Книга памяти: Екатеринбург репрессированный 1917 — сер. 1980-х гг. Т.2 - [18]

Шрифт
Интервал

Потом приходит письмо, мужик мой пишет: я уехал к отцу, добрался хорошо, уже на работу хожу. Тут только я узнала, что свекор под Пермью живет, ложболванку для ружей тешет. Перед Рождеством муж по меня приехал на лошади: собирайся! Ехали, ехали, в лог заехали. Господи! Деревушка — три или четыре дома. И куда ты меня привез! Сколько-то там пожили, домой приехали. Еще дочь родилась. Муж в колхозе работал. Не тронули его. А из тех, кого обозом увезли, никто не вернулся.

— А дали вам обратно в свой дом заехать?

— Нет, ково там! Сожгли на дрова. Он бы и сейчас стоял — не ухнул. На квартире пришлось жить, не на одной даже. Выпросились к старушке. Она с коровушкой была. Стряпать начнет — я девок на печку посажу, пригрожу, чтоб не смотрели. Лида склонится: тетя, дай шаньгу! Хозяйка пополам разломит — хватит, мол, пусть мать стряпает. Бить жалко, дети ведь. Пришлось с квартиры съезжать.

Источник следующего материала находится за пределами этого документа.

(* Let $S$ be a semigroup. If $\ell^{1}(S)^{**}$ is pseudo-contractible, then $S$ is amenable.
   Context: $\ell^1(S)$ is the semigroup algebra of $S$ and $\ell^1(S)^{**}$ carries the first Arens product. A Banach algebra $A$ is pseudo-contractible if there is a (not necessarily bounded) net $(m_\alpha)$ in $A\otimes_p A$ such that $a\cdot m_\alpha=m_\alpha\cdot a$ and $\pi_A(m_\alpha)a\to a$ for all $a\in A$, where $\pi_A(a\otimes b)=ab$ and the module actions are $a\cdot(b\otimes c)=ab\otimes c$, $(b\otimes c)\cdot a=b\otimes ca$. With $\phi$ the augmentation character on $\ell^1(S)$, $S$ is left (right) amenable if there is $m\in\ell^1(S)^{**}$ with $\delta_s\cdot m=m$ (resp. $m\cdot\delta_s=m$) for all $s\in S$ and $\|m\|=m(\phi)=1$; $S$ is amenable if it is both left and right amenable. *)

From HB Require Import structures.
From mathcomp Require Import all_boot all_order all_algebra.
From mathcomp Require Import all_classical all_reals all_analysis.
From mathcomp Require Import complex.
Set Implicit Arguments. Unset Strict Implicit. Unset Printing Implicit Defensive.
Import Order.TTheory GRing.Theory Num.Theory.
Import numFieldNormedType.Exports.
Local Open Scope ring_scope.
Local Open Scope classical_set_scope.

Section Defs.
Variable K : numFieldType.   (* scalar field; instantiated with R[i] *)
Variable S : Type.
Variable op : S -> S -> S.

Definition supnorm_le (f : S -> K) (c : K) : Prop := forall s, `|f s| <= c.

Definition bounded (f : S -> K) : Prop := exists c : K, supnorm_le f c.

(* Carrier of l^1(S)^** = dual of l^oo(S) : functionals on S -> K; only their values on
   bounded functions matter. *)
Definition BD := (S -> K) -> K.

Definition normBD_le (Phi : BD) (c : K) : Prop :=
  forall (f : S -> K) (c' : K), 0 <= c' -> supnorm_le f c' -> `|Phi f| <= c * c'.

Definition isBD (Phi : BD) : Prop :=
  (forall (k : K) (f g : S -> K), bounded f -> bounded g ->
      Phi (fun s => k * f s + g s) = k * Phi f + Phi g)
  /\ exists c : K, normBD_le Phi c.

Definition normBD_eq (Phi : BD) (c : K) : Prop :=
  normBD_le Phi c /\ forall c', normBD_le Phi c' -> c <= c'.

Definition eqBD (Phi Psi : BD) : Prop := forall f, bounded f -> Phi f = Psi f.

(* first Arens product on l^1(S)^** = dual of l^oo(S):
   (Phi [] Psi)(f) = Phi (s |-> Psi (t |-> f (s t))) *)
Definition arens (Phi Psi : BD) : BD :=
  fun f => Phi (fun s => Psi (fun t => f (op s t))).

(* canonical image of delta_s in l^1(S)^** *)
Definition evBD (s : S) : BD := fun f => f s.

(* augmentation character phi of l^1(S), as an element of l^oo(S) *)
Definition augm : S -> K := fun _ => 1.
Lemma par_inst a a' : par a a' -> forall s s', (forall n, par (s n) (s' n)) ->
  par (inst s a) (inst s' a').
Proof.
  induction 1; intros s s' Hs; simpl; try constructor; auto.
  - apply IHpar. intros [|n]; simpl. constructor. apply par_ren; auto.
  - rewrite inst_subst0. constructor; auto.
    apply IHpar1. intros [|n]; simpl. constructor. apply par_ren; auto.
Qed.

Lemma par_subst0 a a' b b' : par a a' -> par b b' -> par (subst 0 b a) (subst 0 b' a').
Proof.
  intros. rewrite !subst_inst. apply par_inst; auto.
  intros n; unfold subst_fn; destruct_nat_tests; try rewrite !lift0; auto; constructor.
Qed.

Fixpoint develop (t : term) : term :=
  match t with
  | Var n => Var n
  | Lam a => Lam (develop a)
  | App a b => match a with
               | Lam a0 => subst 0 (develop b) (develop a0)
               | _ => App (develop a) (develop b)
               end
  end.

Lemma par_develop a a' : par a a' -> par a' (develop a).
Proof.
  induction 1; simpl; try constructor; auto.
  - destruct a; try (constructor; auto; fail).
    inversion H; subst. inversion IHpar1; subst. constructor; auto.
  - apply par_subst0; auto.
Qed.

Lemma pars_trans a b c : pars a b -> pars b c -> pars a c.
Proof.
  induction 1 as [|x y z Hxy _ IH]; intros Hc; auto.
  econstructor; [exact Hxy|]. apply IH, Hc.
Qed.

Lemma par_pars_strip a b c : par a b -> pars a c -> exists d, pars b d /\ par c d.
Proof.
  intros Hab Hac. revert b Hab. induction Hac as [|x y z Hxy Hyz IH]; intros b Hab.
  - exists b. split. constructor. auto.
  - destruct (IH (develop x)) as [d [H1 H2]]. apply par_develop; auto.
    exists d; split; auto. econstructor. apply par_develop; eauto. auto.
Qed.

Lemma pars_confluent a b c : pars a b -> pars a c -> exists d, pars b d /\ pars c d.
Proof.
  intros Hab. revert c. induction Hab as [|x y z Hxy Hyz IH]; intros c Hac.
  - exists c; split; auto. constructor.
  - destruct (par_pars_strip _ _ _ Hxy Hac) as [d [H1 H2]].
    destruct (IH d H1) as [e [H3 H4]].
    exists e; split; auto. econstructor; eauto.
Qed.

Lemma church_rosser a b : beq a b -> exists c, pars a c /\ pars b c.
Proof.
  induction 1 as [x y H|x|x y _ [c [? ?]]|x y z _ [c [? ?]] _ [d [? ?]]].
  - exists y. split. econstructor. apply beta_par; eauto. constructor. constructor.
  - exists x; split; constructor.
  - eauto.
  - destruct (pars_confluent y c d) as [e [? ?]]; auto.
    exists e; split; eapply pars_trans; eauto.
Qed.

Definition not_lam (t : term) : Prop := match t with Lam _ => False | _ => True end.

Inductive hstep : term -> term -> Prop :=
| hstep_beta a b : hstep (App (Lam a) b) (subst 0 b a)
| hstep_app a a' b : hstep a a' -> not_lam a -> hstep (App a b) (App a' b)
| hstep_lam a a' : hstep a a' -> hstep (Lam a) (Lam a').

Definition hreds : term -> term -> Prop := clos_refl_trans_1n term hstep.

CoInductive inf_head : term -> Prop :=
| inf_head_step M M' : hstep M M' -> inf_head M' -> inf_head M.

Definition is_hnf (t : term) : Prop := exists n y l, t = lams n (apps (Var y) l).

Lemma hreds_trans a b c : hreds a b -> hreds b c -> hreds a c.
Proof.
  induction 1 as [|x y z Hxy _ IH]; intros Hc; auto.
  econstructor; [exact Hxy|]. apply IH, Hc.
Qed.

Lemma hreds_lam a a' : hreds a a' -> hreds (Lam a) (Lam a').
Proof. induction 1. constructor. econstructor. apply hstep_lam; eauto. auto. Qed.

Lemma hstep_deterministic M M1 : hstep M M1 -> forall M2, hstep M M2 -> M1 = M2.
Proof.
  induction 1; intros M2 H2; inversion H2; subst; auto.
  - simpl in *; contradiction.
  - simpl in *; contradiction.
  - f_equal; auto.
  - f_equal; auto.
Qed.

Lemma hstep_inst a a' : hstep a a' -> forall s, hstep (inst s a) (inst s a').
Proof.
  induction 1; intros s; simpl.
  - rewrite inst_subst0. constructor.
  - constructor; auto. destruct a; simpl in *; auto. inversion H.
  - constructor; auto.
Qed.

Lemma hstep_closed a a' : hstep a a' -> forall k, closed_at k a -> closed_at k a'.
Proof.
  induction 1; intros k Hc; simpl in *.
  - destruct Hc. apply closed_subst0; auto.
  - destruct Hc; split; auto.
  - auto.
Qed.

Lemma hreds_closed a a' k : hreds a a' -> closed_at k a -> closed_at k a'.
Proof. induction 1; auto. intros; eauto using hstep_closed. Qed.

Lemma apps_snoc h l a : apps h (l ++ [a]) = App (apps h l) a.
Proof. unfold apps. rewrite fold_left_app. reflexivity. Qed.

Как муж на фронт ушел — нас в барак затолкали. И продавщицу подселили. Слепились две товарки-торговки, мухлевать начали. Милиционер меня вызывает: говори, куда они муку дели. А мне откуда знать? Он хлесь кулаком по столу. Я говорю: не хлещи, кулаки не порть. Ушла из барака, избушку купила — свекор подсобил. Огород садили. Девкам тоже досталось. Потому, наверное, одна из них и не рожает — в детстве надсадилась.

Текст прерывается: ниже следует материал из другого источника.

(* Let $W,V$ be subspaces of $\mathbb{R}^n$ with $\mathbb{R}^n=W\oplus V^\perp$. Let $\mu\in\mathcal{P}_2(W)$ and $\nu\in\mathcal{P}_2(V)$ be Bessel probability measures with bounds $B_\mu>0$ and $B_\nu>0$ respectively, and let $\gamma\in\Gamma(\mu,\nu)$. Then the following are equivalent: (1) for all $\mathbf{f}\in W$, $\mathbf{f}=\int_{W\times V}\mathbf{x}\langle\mathbf{y},\mathbf{f}\rangle\,d\gamma(\mathbf{x},\mathbf{y})$; (2) for all $\mathbf{f}\in\mathbb{R}^n$, $\boldsymbol{\pi}_{WV^\perp}\mathbf{f}=\int_{W\times V}\mathbf{x}\langle\mathbf{y},\mathbf{f}\rangle\,d\gamma(\mathbf{x},\mathbf{y})$; (3) for all $\mathbf{f}\in\mathbb{R}^n$, $\boldsymbol{\pi}_{VW^\perp}\mathbf{f}=\int_{W\times V}\langle\mathbf{x},\mathbf{f}\rangle\mathbf{y}\,d\gamma(\mathbf{x},\mathbf{y})$; (4) for all $\mathbf{f},\mathbf{g}\in\mathbb{R}^n$, $\langle\boldsymbol{\pi}_{WV^\perp}\mathbf{f},\mathbf{g}\rangle=\int_{W\times V}\langle\mathbf{x},\mathbf{g}\rangle\langle\mathbf{y},\mathbf{f}\rangle\,d\gamma(\mathbf{x},\mathbf{y})$; (5) for all $\mathbf{f},\mathbf{g}\in\mathbb{R}^n$, $\langle\boldsymbol{\pi}_{VW^\perp}\mathbf{f},\mathbf{g}\rangle=\int_{W\times V}\langle\mathbf{x},\mathbf{f}\rangle\langle\mathbf{y},\mathbf{g}\rangle\,d\gamma(\mathbf{x},\mathbf{y})$. If any of these conditions holds, then $\mu$ and $\nu$ are probabilistic frames for $W$ and $V$ with lower bounds $\frac1{B_\nu}$ and $\frac1{B_\mu}$, respectively. Furthermore, in that case $\mu$ and $(\mathbf{P}_W)_\#\nu$ are dual probabilistic frames for $W$, and $(\mathbf{P}_V)_\#\mu$ and $\nu$ are dual probabilistic frames for $V$.
   Context: $\mathcal{P}_2(W)$ is the set of Borel probability measures on $W$ (viewed as measures on $\mathbb{R}^n$ concentrated on $W$) with finite second moment $M_2(\mu)=\int\|\mathbf{x}\|^2d\mu(\mathbf{x})$. $\Gamma(\mu,\nu)$ is the set of couplings: Borel probability measures on $W\times V$ with first marginal $\mu$ and second marginal $\nu$. $\mu\in\mathcal{P}_2(W)$ is a Bessel probability measure for $W$ with bound $B$ if $\int_W|\langle\mathbf{x},\mathbf{y}\rangle|^2d\mu(\mathbf{y})\le B\|\mathbf{x}\|^2$ for all $\mathbf{x}\in W$; it is a probabilistic frame for $W$ with bounds $0<A\le B$ if moreover $A\|\mathbf{x}\|^2\le\int_W|\langle\mathbf{x},\mathbf{y}\rangle|^2d\mu(\mathbf{y})$ for all $\mathbf{x}\in W$. $\mathbf{P}_W$ is the orthogonal projection onto $W$; $\boldsymbol{\pi}_{WV^\perp}$ is the oblique projection onto $W$ along $V^\perp$, and $\boldsymbol{\pi}_{VW^\perp}$ the oblique projection onto $V$ along $W^\perp$ (note $\mathbb{R}^n=V\oplus W^\perp$ too). For a pushforward, $f_\#\mu(E)=\mu(f^{-1}(E))$. Two probability measures $\mu,\eta$ on $W$ are dual probabilistic frames for $W$ if $\mu$ is a probabilistic frame for $W$ and there is a coupling $\gamma\in\Gamma(\mu,\eta)$ with $\int\mathbf{x}\mathbf{y}^td\gamma(\mathbf{x},\mathbf{y})=\mathbf{P}_W$. *)

From HB Require Import structures.
From mathcomp Require Import all_boot all_order all_algebra.
From mathcomp Require Import all_classical all_reals all_analysis.
Set Implicit Arguments. Unset Strict Implicit. Unset Printing Implicit Defensive.
Import Order.TTheory GRing.Theory Num.Theory.
Local Open Scope classical_set_scope.
Local Open Scope ring_scope.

Я и бревна из реки доставала, в вагоны грузила. И в больнице санитаркой работала. И в пекарне. И в колхозе, потом в совхозе.

— А колхоз крепкий был?

— Не. Управители никуда не годные попадали. Только и знали зорить. Ни порядка, ни рассудка. На дрова пустили новый пятистенок штукатуренный! Подумали бы: все-таки жилье. Какую церковь сломали! Колокол тремя тройками был привезен. Как зазвонит — и в Вязовке слышно, и в Осыпи. Еле разбили ее, кирпич нарушили. Лучше бы хоть магазин сделали. Отец Василий хороший был, кроткий. Увезли его чекисты.

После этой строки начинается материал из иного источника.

(* Let $n$ be an odd positive integer. Then for every integer $\ell\ge 2$, \[\max(n,\ell)=\binom{n}{2}-\left\lfloor\frac{n}{2}\right\rfloor.\] Moreover, $\overline{M_n}$ is (up to isomorphism) the unique $N$-AW graph of maximum size on $n$ vertices.
   Context: All graphs are finite and simple; $\overline{G}$ is the complement of $G$. Vertex labels lie in $\mathbb{Z}_\ell$. In the neighborhood Lights Out game on $G$, toggling a vertex $v$ adds $1$ (mod $\ell$) to the label of each vertex of the closed neighborhood $N[v]$; the game is won when all labels are $0$. $G$ is $N$-AW if the game can be won from every initial labeling $V(G)\to\mathbb{Z}_\ell$. $\max(n,\ell)$ is the maximum number of edges of an $N$-AW graph on $n$ vertices. For odd $n$, $M_n$ denotes a near-perfect matching on $n$ vertices: $(n-1)/2$ disjoint edges together with one isolated vertex. *)

From mathcomp Require Import all_boot all_order all_algebra.
From mathcomp Require Import fingroup perm.
Set Implicit Arguments. Unset Strict Implicit. Unset Printing Implicit Defensive.
Import GRing.Theory.
Local Open Scope ring_scope.

Definition simple_graph (n : nat) (e : rel 'I_n) : Prop :=
  symmetric e /\ irreflexive e.

Definition nedges (n : nat) (e : rel 'I_n) : nat :=
  #|[set p : 'I_n * 'I_n | (p.1 < p.2)%N && e p.1 p.2]|.

Definition in_closed_nbhd (n : nat) (e : rel 'I_n) (u v : 'I_n) : bool :=
  (v == u) || e u v.

(* Labels after performing the sequence of toggles s from labeling f:
   each toggle of u adds 1 (mod l) to every vertex of N[u]. *)
Definition after_toggles (n l : nat) (e : rel 'I_n) (f : 'I_n -> 'Z_l)
    (s : seq 'I_n) (v : 'I_n) : 'Z_l :=
  f v + (count (fun u => in_closed_nbhd e u v) s)%:R.

(* N-AW ("always winnable") for the neighborhood Lights Out game over Z_l. *)
Definition NAW (n l : nat) (e : rel 'I_n) : Prop :=
  forall f : 'I_n -> 'Z_l, exists s : seq 'I_n,
    forall v : 'I_n, after_toggles e f s v = 0%R.

Definition gcompl (n : nat) (e : rel 'I_n) : rel 'I_n :=
  fun u v => (u != v) && ~~ e u v.

(* Near-perfect matching M_n (n odd): edges {2i, 2i+1} for 2i+1 < n;
   the vertex n-1 is isolated. *)
Definition Mn (n : nat) : rel 'I_n :=
  fun u v => (u != v) && ((val u)./2 == (val v)./2).

Definition isomorphic (n : nat) (e h : rel 'I_n) : Prop :=
  exists p : {perm 'I_n}, forall u v, e u v = h (p u) (p v).

Arguments NAW {n} l e.
Arguments after_toggles {n l} e f s v.
Arguments Mn n : clear implicits.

— Письма с фронта получали?

— Ни одного. Похоронка пришла из-под Новоград-Волынского. Ездила я туда после. На черной доске много фамилий. Третьим мой, Вертипрахов Николай Фадеевич. Я убивалась сильно. Женщина подошла, посоветовала к священнику сходить, дорогу показала. Батюшка собрался быстро, молитву на могиле прочел, полегчало мне.

— В этой избе с войны и живете?

— Нет, и на горе жили, где тополя, и в улице. В одном дому сосед-пьяница попал. А другой дом недавно сгорел.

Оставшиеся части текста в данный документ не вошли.